Despite Canadians selling only 1.5 million tonnes into that market that consumes 35 million tonnes, this government does nothing as frustrated Americans stop our trucks. It is certainly ironic when a prairie farmer tries to sell his own wheat in the U.S. and he is arrested by his own government, and when his government tries to truck the wheat down there, it is turned back by state troopers. It gives you a greater appreciation of the comment in the Lethbridge Herald recently that wheat production is 10% grain and 90% politics.
We know that this government will be going to international conferences soon to discuss these issues, but will it just be a replay of Kyoto? No plan until they step from the hotel, no idea of what Canadian farmers need to compete and prosper and no idea of the cost and implications until it is too late.
We should all recognize the difficulty that governments face when they try to satisfy many competing interests. This is a diverse sector. Any policy has unintended consequences and is bound to have as many detractors as it has beneficiaries.
Most of the difficulties experienced by farmers in this time of falling net income relate to the tax burden. Federal income and payroll taxes are bad enough, but due to offloading by senior governments, many rural municipalities are forced to rely on excessive property taxes to maintain their services. This type of tax is not tied to the ability to pay and looms larger as land values fail to reflect the drop in value of the crops grown on them.
Senior levels of government brag about how they have balanced their budgets, but they are bragging to the same taxpayer who is getting squeezed at the local level. It is a shell game that no longer fools many Canadians.

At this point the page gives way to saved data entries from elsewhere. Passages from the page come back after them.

(* Take z = B^(t+1) w with w = r + B a (mod B^2), which gives the digits a and
   (r + d/B) mod B; if the required r is 0, go one power of B higher with r = 1. *)
Lemma next_digit_pattern B t d a b : 1 < B -> ~~ (B %| d) -> a < B -> b < B ->
  exists R, forall z, z = R %[mod B ^ (t + 4)] ->
    next_digit B z = a /\ next_digit B (z + B ^ t * d) = b.
Proof.
move=> B1 Bd aB bB; have B0 := ltnW B1.
have [s [r [s1 r0B rb]]] :
    exists s r, [/\ s <= 1, 0 < r < B & (B ^ s * r + d %/ B) %% B = b].
  pose r := (b + d %/ B * B.-1) %% B.
  have rb : (r + d %/ B) %% B = b by rewrite modn_addNK // modn_small.
  have [r0|r_gt0] := posnP r; last by exists 0, r; rewrite mul1n r_gt0 ltn_mod.
  by exists 1, 1; rewrite B1 muln1 -modnDml modnn add0n -rb r0.
exists (B ^ (t + s.+1) * (r + B * a)) => z zR.
have e : t + s.+1 + (3 - s) = t + 4 by rewrite -addnA addSn subnKC ?(leq_trans s1).
have [|w -> wr] := @eqmod_mul_cancel (B ^ (t + s.+1)) (B ^ (3 - s)) z (r + B * a).
  by rewrite -expnD e.
have BB : B * B %| B ^ (3 - s) by rewrite mulnn dvdn_exp2l // (leq_sub2l 3 s1).
have wr2 : w = r + B * a %[mod B * B] := eqmod_dvd BB wr.
by rewrite -rb; apply: next_digit_scaled.
Qed.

Of course jurisdictions cross at the federal and provincial levels with negative consequences. The federal government is responsible for the railways, but has not come up with a policy to make the system more efficient. It offered a one time payout to eliminate the Crow rate which equalled one year's worth of freight. We are still shipping product. The effect is that now farmers are paying an extra 30 cents a bushel for freight, a major input cost.

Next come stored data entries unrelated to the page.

(* Let $1\le i,j\le d$ with $i\ne j$ and $m,n\in\mathbb Z_{<0}$. Then the vertex operator of $v^{ij}(m,n)\mathbf 1\in V_{\mathcal J}=M_r$ is $$Y(v^{ij}(m,n)\mathbf 1,z)=(-1)^{-m-n}\sum_{l\in\mathbb Z}\Big\{\sum_{k\in\mathbb Z}\binom{l+n-k}{-m-1}\binom{k-n-1}{-n-1}v^{ij}(l+m+n+1-k,k)\Big\}z^{-l-1}.$$
   Context: Fix an integer $d\ge 2$ and $r\in\mathbb{C}$. Let $\hat{\mathfrak h}$ be the complex Lie algebra with basis $\{v^i(m)\mid 1\le i\le d,\ m\in\mathbb{Z}\}\cup\{\mathbf c\}$ and bracket $[v^i(m),v^j(n)]=\delta_{m+n,0}\delta_{i,j}\,m\,\mathbf c$, $[\mathbf c,\hat{\mathfrak h}]=0$. In $A=U(\hat{\mathfrak h})/\langle \mathbf c-1\rangle$ let $v^{ij}(m,n)$ be the image of $v^i(m)v^j(n)$; then $v^{ij}(m,n)=v^{ji}(n,m)$ unless $i=j$ and $m=-n$, and $v^{ii}(m,-m)=v^{ii}(-m,m)+m$. Let $\mathcal B=\{v^{ii}(m,n)\mid 1\le i\le d,\ m\le n\}\cup\{v^{ij}(m,n)\mid 1\le i<j\le d,\ m,n\in\mathbb Z\}$; then $\mathcal B\cup\{1\}$ is linearly independent, $\mathcal L:=\mathrm{span}_{\mathbb C}\mathcal B\oplus\mathbb C\subset A$ contains every $v^{ij}(m,n)$ and is closed under $[x,y]=xy-yx$. With $\pi_1,\pi_2$ the projections of $\mathcal L$ onto $\mathrm{span}\,\mathcal B$ and onto $\mathbb C$, $[x,y]_r=\pi_1([x,y])+r\pi_2([x,y])$ is a Lie bracket on $\mathcal L$; call this Lie algebra $\mathcal L_r$. Let $\mathcal B_+=\{v^{ij}(m,n)\in\mathcal B\mid m\ge 0\text{ or }n\ge 0\}$, $\mathcal B_-=\{v^{ij}(m,n)\in\mathcal B\mid m,n<0\}$, $\mathcal L_r^+=\mathrm{span}\,\mathcal B_+\oplus\mathbb C$, and $M_r=U(\mathcal L_r)\otimes_{U(\mathcal L_r^+)}\mathbb C\mathbf 1$, where $\mathcal B_+$ acts by $0$ on $\mathbf 1$ and $s\in\mathbb C\subset\mathcal L_r$ acts by the scalar $s$; $M_r$ is graded by giving $x_p\cdots x_1\mathbf 1$ with $x_q=v^{i_qj_q}(m_q,n_q)\in\mathcal B_-$ degree $-\sum_q(m_q+n_q)$. Define operators on $M_r$: $L_r^{ij}(m)=\frac12\sum_{h\in\mathbb Z}v^{ij}(m-h,h)$ if $i\ne j$ or $m\ne0$, and $L_r^{ii}(0)=\frac12 v^{ii}(0,0)+\sum_{h>0}v^{ii}(-h,h)$. Let $\omega_r^{ij}=L_r^{ij}(-2)\mathbf 1$, $\omega=\sum_i\omega_r^{ii}$, and $V_{\mathcal J}\subset M_r$ the span of all $L_r^{i_1j_1}(m_1)\cdots L_r^{i_pj_p}(m_p)\mathbf 1$; it is known that $V_{\mathcal J}=M_r$. By a theorem of Ashihara–Miyamoto, there is a unique linear map $Y(\cdot,z):V_{\mathcal J}\to\mathrm{End}(V_{\mathcal J})[[z,z^{-1}]]$ with $Y(\omega_r^{ij},z)=\sum_m L_r^{ij}(m)z^{-m-2}$ and $Y(\mathbf 1,z)=\mathrm{Id}$ making $(V_{\mathcal J},Y,\mathbf 1,\omega)$ a vertex operator algebra of central charge $dr$. Binomial coefficients are $\binom{a}{b}=a(a-1)\cdots(a-b+1)/b!$ for $a\in\mathbb Z$, $b\in\mathbb Z_{\ge0}$. The inner sums act on $M_r$ as operators (only finitely many terms are nonzero on each vector). *)

From HB Require Import structures.
From mathcomp Require Import all_boot all_order all_algebra.
From mathcomp Require Import complex.
From mathcomp Require Import reals.
Set Implicit Arguments. Unset Strict Implicit. Unset Printing Implicit Defensive.
Import Order.TTheory GRing.Theory Num.Theory.
Local Open Scope ring_scope.

Section Defs.
Variable C : fieldType.

Definition binz (a : int) (b : nat) : C :=
  (\prod_(k < b) (a - k%:Z)%:~R) / (b`!)%:R.

Variable V : lmodType C.

Definition lin (W : lmodType C) (f : V -> W) : Prop :=
  forall (a : C) (x y : V), f (a *: x + y) = a *: f x + f y.

Definition zsum (N : nat) (F : int -> V) : V :=
  \sum_(k < (2 * N).+1) F (k%:Z - N%:Z).

(* scalar part (pi_2) of v^{ab}(s,t) in A, w.r.t. the basis B u {1} *)
Definition scal (d : nat) (a b : 'I_d) (s t : int) : C :=
  if (a == b) && (s + t == 0) && (0 < s) then s%:~R else 0.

What we have now are piecemeal rail abandonments, the destruction of elevators and the towns that support them, and longer hauls to market for crops. The roads take a pounding without any dedication of fuel taxes to compensate the local governments to fix them. The farmers' costs go up and grain ends up sitting in bins.
The feds and the provinces cannot agree on who is responsible for the environment either. We all have a stake in it of course, but policies that impose flat charges on a whole range of goods and services without any recognition of whether a large western farm of 3,000 acres has the same impact as an eastern farm of 70 acres of a diverse crop can wipe out that narrow margin of income.
Taxes and environmental fees on automotive parts and petroleum products can loom larger for a farmer than a high volume urban operation. We are never sure whether that money is going toward an environmental purpose or into general revenues. Farmers are certainly willing to pay their fair share and they have been but the key word here is fair and we just do not see that.
I am calling for the government to stand up for Canadian farmers on the international stage and to re-examine how the agricultural sector is treated within our borders. Farmers as businessmen need flexibility, accountability and efficiency from government policies. They need to see a thorough re-evaluation of the many short term band-aid solutions that have piled up over the years. They do not want handouts. They are very self sufficient. But they could use a playing field that would allow them to compete fairly and efficiently now and when times are good.
I quote my constituent, Mr. Cadrain, again: “Wives have to work to put food on the table and pay utilities. Why should we who feed the world go with less than the people we feed?”